Data

JUNE_NZ requires a number of input files.

The script cli_data.py is provided to create all the required inputs for JUNE_NZ.

cli_data --workdir <Working directory>
         --cfg <Data configuration>
         --scale <Population scale>
         --disease_cfg_dir <Disease configuration directory>
         --policy_cfg_path <Policy configuration path>
         [--exclude_super_areas A1, A2]
         [--use_sa3_as_super_area]

The command options are explained as below:

  • --workdir: Specifies the directory where the generated data will be stored. For example, --workdir /tmp/june_data.
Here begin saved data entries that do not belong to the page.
Let lower_tails_single_deviation :
  (forall x y, x \in W -> y \in W -> x != y ->
    P.-negligible (~` [set w | t x < Y x w] `&` ~` [set w | t y < Y y w])) ->
  exists m : 'I_n -> R,
    {ae P, forall w, forall l l', l != l' -> Y l w = m l \/ Y l' w = m l'} /\
    (forall l, {ae P, forall w, Y l w <= m l}).
Proof.
move=> cover.
have tn_disj x y : x \in W -> y \in W -> x != y ->
    P.-negligible ([set w | - t x < Yn x w] `&` [set w | - t y < Yn y w]).
  move=> xW yW xy; apply: negligibleS (cover x y xW yW xy) => w /=.
  by rewrite /Yn !ltrN2 => -[? ?]; split; apply: lt_subset_compl.
have [m [dev ge]] := disjoint_upper_tails_single_deviation P Yn Yn_dc W
  (fun x => - t x) W3 tn_nontrivial tn_disj.
exists (fun l => - m l); split.
  apply: filterS dev => w dev l l' ll'.
  by case: (dev l l' ll') => <-; [left|right]; rewrite opprK.
by move=> l; apply: filterS (ge l) => w; rewrite lerNr.
Qed.

Lemma countermonotonic_single_deviation_of_split : exists m : 'I_n -> R,
  {ae P, forall w, forall l l', l != l' -> Y l w = m l \/ Y l' w = m l'} /\
  ((forall l, {ae P, forall w, m l <= Y l w}) \/ (forall l, {ae P, forall w, Y l w <= m l})).
Proof.
have [disj|cover] := ae_disjoint_or_cover_uniform P W
    (fun x => [set w | t x < Y x w]) t_nontrivial (fun x y _ _ xy => Y_dc x y xy _ _).
  have [m [dev ge]] := disjoint_upper_tails_single_deviation P Y Y_dc W t W3 t_nontrivial disj.
  by exists m; split => //; left.
by have [m [dev le]] := lower_tails_single_deviation cover; exists m; split => //; right.
Qed.

End countermonotonic_structure.

Lemma countermonotonic_single_deviation {d : measure_display} {T : measurableType d}
    {R : realType} (P : probability T R) {n} {Y : 'I_n -> T -> R} {i j k : 'I_n} :
  (forall l, measurable_fun setT (Y l)) -> countermonotonic P Y ->
  i != j -> j != k -> i != k ->
  nondegenerate_rv P (Y i) -> nondegenerate_rv P (Y j) -> nondegenerate_rv P (Y k) ->
  exists m : 'I_n -> R,
    {ae P, forall w, forall l l', l != l' -> Y l w = m l \/ Y l' w = m l'} /\
    ((forall l, {ae P, forall w, m l <= Y l w}) \/
     (forall l, {ae P, forall w, Y l w <= m l})).
Proof.
move=> mY cm ij jk ik ndi ndj ndk.
have W3 : (2 < #|[set i; j; k]%SET|)%N.
  by rewrite finset.setUC cardsU1 cards2 !inE ![k == _]eq_sym (negbTE ik) (negbTE jk) ij.
have nd x : x \in [set i; j; k]%SET -> nondegenerate_rv P (Y x).
  by rewrite !inE => /orP [/orP [] |] /eqP ->.
have [t t_split] := nondegenerate_thresholds P mY nd.
exact: (countermonotonic_single_deviation_of_split P _ _ cm _ _ W3 t_split).
Qed.

Section same_law.
Context {d : measure_display} {T : measurableType d} {R : realType}.
Variable P : probability T R.
Context {U V : T -> R}.
Hypotheses (mU : measurable_fun setT U) (mV : measurable_fun setT V).
Hypothesis UV : forall B, measurable B -> P (U @^-1` B) = P (V @^-1` B).

Lemma ae_preimage_same_law {B : set R} : measurable B ->
  {ae P, forall w, B (U w)} -> {ae P, forall w, B (V w)}.
Proof.
move=> mB; have mpre (Z : T -> R) : measurable_fun setT Z -> measurable (Z @^-1` ~` B).
  by move=> mZ; rewrite -[X in measurable X]setTI; apply: mZ => //; exact: measurableC.
move=> /(negligibleP _ (mpre U mU)) UB0; apply/(negligibleP _ (mpre V mV)).
transitivity (P (U @^-1` ~` B)); last exact: UB0.
by apply/esym/UV; exact: measurableC.
Qed.

Lemma nondegenerate_rv_same_law :
  nondegenerate_rv P V -> nondegenerate_rv P U.
Proof.
move=> ndV [c Uc]; apply: ndV; exists c.
by rewrite -[X in P X]/(V @^-1` [set c]) -UV //; exact: measurable_set1.
Qed.

End same_law.

Section same_marginals.
Context {d : measure_display} {T : measurableType d} {R : realType}.
Variable P : probability T R.

Lemma ae_cmp_same_marginals {n} (X Y : 'I_n -> T -> R) (m : 'I_n -> R) :
  (forall i, measurable_fun setT (X i)) -> (forall i, measurable_fun setT (Y i)) ->
  (forall i B, measurable B -> P (Y i @^-1` B) = P (X i @^-1` B)) ->
  (forall i, {ae P, forall w, m i <= Y i w}) \/ (forall i, {ae P, forall w, Y i w <= m i}) ->
  {ae P, forall w, (forall i, m i <= X i w) \/ (forall i, X i w <= m i)}.
Proof.
move=> mX mY YX [ge|le].
  suff : {ae P, forall w, forall i, m i <= X i w} by apply: filterS => w; left.
  apply: filter_forall => i; move: (ge i).
  have ae_itv Z : {ae P, forall w, m i <= Z w} <-> {ae P, forall w, `[m i, +oo[%classic (Z w)}.
    by split; apply: filterS => w /=; rewrite in_itv /= andbT.
  move/ae_itv/(ae_preimage_same_law P (mY i) (mX i) (YX i) (measurable_itv _)).
  by move/ae_itv.
suff : {ae P, forall w, forall i, X i w <= m i} by apply: filterS => w; right.
apply: filter_forall => i; move: (le i).
have ae_itv Z : {ae P, forall w, Z w <= m i} <-> {ae P, forall w, `]-oo, m i]%classic (Z w)}.
  by split; apply: filterS => w /=; rewrite in_itv.
move/ae_itv/(ae_preimage_same_law P (mY i) (mX i) (YX i) (measurable_itv _)).
by move/ae_itv.
Qed.

End same_marginals.

Theorem theorem7 (dT : measure_display) (T : measurableType dT) (R : realType)
  (P : probability T R) (d : nat) (X Xct : 'I_d -> {RV P >-> R}) :
  (3 <= d)%N ->
  atomless P ->
  (exists i j k : 'I_d, [/\ i != j, j != k, i != k &
     [/\ nondegenerate_rv P (X i), nondegenerate_rv P (X j) & nondegenerate_rv P (X k)]]) ->
  countermonotonic P (fun i => (Xct i : T -> R)) ->
  same_marginals P (fun i => (Xct i : T -> R)) (fun i => (X i : T -> R)) ->
  sm_le P (fun i => (Xct i : T -> R)) (fun i => (X i : T -> R)).
Proof.
move=> _ _ [i [j [k [ij jk ik [ndi ndj ndk]]]]] cm same phi mphi smphi _ _.
have mX l : measurable_fun setT (X l) by exact: measurable_funPT.
have mXct l : measurable_fun setT (Xct l) by exact: measurable_funPT.
have nd l : nondegenerate_rv P (X l) -> nondegenerate_rv P (Xct l).
  by apply: nondegenerate_rv_same_law; exact: same.
have [m [dev cmp]] := countermonotonic_single_deviation P mXct cm ij jk ik
  (nd i ndi) (nd j ndj) (nd k ndk).
apply: (supermodular_integral_le_single_deviation _ _ _ m) => //.
  by move=> l B mB; rewrite same.
exact: ae_cmp_same_marginals mX mXct same cmp.
Qed.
  • --cfg: Sets the configuration for retrieving the source data. For example, --cfg etc/june_data.yml.

  • --scale: Determines the percentage of the population to be used. For instance, a value of 0.1 means only 10% of the population will be utilized. For example, --scale 0.1

  • --exclude_super_areas: Allows excluding specific super areas from the model. For example, --exclude_super_areas A1 A2.

  • --disease_cfg_dir: Disease configuration directory. For example, --disease_cfg_dir etc/cfg/disease/covid-19.
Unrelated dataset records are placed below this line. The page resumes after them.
Lemma proj_reparam_E31_E32 : admits_proj_reparam (Eu R 3 1 + Eu R 3 2).
Proof.
apply: (proj_reparam_of_factorization (q := mk3 1 0 (-1) 0 1 0 0 0 1)
  (p := fun t : R => mk3 (t + 1) t 1 0 1 0 0 0 (t + 1)^-1)); verify_factorization.
Qed.

Lemma proj_reparam_E31 : admits_proj_reparam (Eu R 3 1).
Proof.
apply: (proj_reparam_of_factorization (q := mk3 1 0 (-1) 0 1 0 0 0 1)
  (p := fun t : R => mk3 (t + 1) 0 1 0 1 0 0 0 (t + 1)^-1)); verify_factorization.
Qed.

Lemma generic_curve_reparam_linear (x eps : R) (q Y : 'M[R]_3) (s : R -> R) :
  x != 0 -> in_P q -> in_n Y -> 0 < eps ->
  (forall t, `|t| < eps ->
     cosetEq (exp_n (t *: (Eu R 2 1 + x *: Eu R 3 1 + Eu R 3 2)))
             (q *m exp_n (s t *: Y))) ->
  exists lam, lam != 0 /\ forall t, `|t| < eps -> s t = lam * t.
Proof.
move=> x0 Pq nY eps0 coset.
have XE : Eu R 2 1 + x *: Eu R 3 1 + Eu R 3 2 = mk3 0 0 0 1 0 0 x 1 0.
  by rewrite Eu21E Eu31E Eu32E scale_mk3 !add_mk3; apply: mk3_congr; ring.
have [A [B [C [D [E [F [ADF qE]]]]]]] := in_P_mk3E (in_P_invmx Pq).
have [a [c [b YE]]] := in_n_mk3E nY.
have : A * D * F != 0 by rewrite ADF oner_neq0.
rewrite !mulf_eq0 !negb_or => /andP[/andP[A0 D0] F0].
apply: (@GenericCurve.reparam_linear _ x A B C D E F a b c eps s) => // t /coset.
move=> /(cosetEq_translate Pq nY); rewrite qE YE XE !exp_n_mk3 !mul_mk3 => -[_ low].
have := low i1 i0 isT; have := low i2 i0 isT; have := low i2 i1 isT.
rewrite !mxE /= => e3 e2 e1.
by split; [rewrite -[RHS]e1 | rewrite -[RHS]e2 | rewrite -[RHS]e3]; ring.
Qed.

End FlagCurves.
  • --policy_cfg_path: Policy file. For example, --policy_cfg_path etc/cfg/policy/policy1.yaml.

  • --simulation_cfg_path: Simulation file. For example, --simulation_cfg_path etc/cfg/simulation/simulation_cfg.yml.

  • --use_sa3_as_super_area: If use SA3 as super area level, otherwise we will use regional council as super area level. Note that SA3 is not a standard statistical level, therefore many information are aggregated from SA2 (e.g., super_area_location).

Note

Most input data are created from raw dataset stored in June_NZ_data (most of them are obtained from NZ.Stat), while some inputs are defined via:

  • the fixed variable FIXED_DATA (process/__init__.py), or

  • from external configuration files:

    • Disease configuration (the directory contains all the information about the population disease, including the viruses we want to investigate), e.g., etc/cfg/disease/covid-19

    • Policy configuration, e.g., etc/cfg/policy/policy1.yaml

    • Simulation control configuration, e.g., etc/cfg/simulation/simulation_cfg.yml

    • Vaccination configuration, e.g., etc/cfg/disease/vaccine/vaccine1.yaml

The following contents show different types of inputs for JUNE_NZ.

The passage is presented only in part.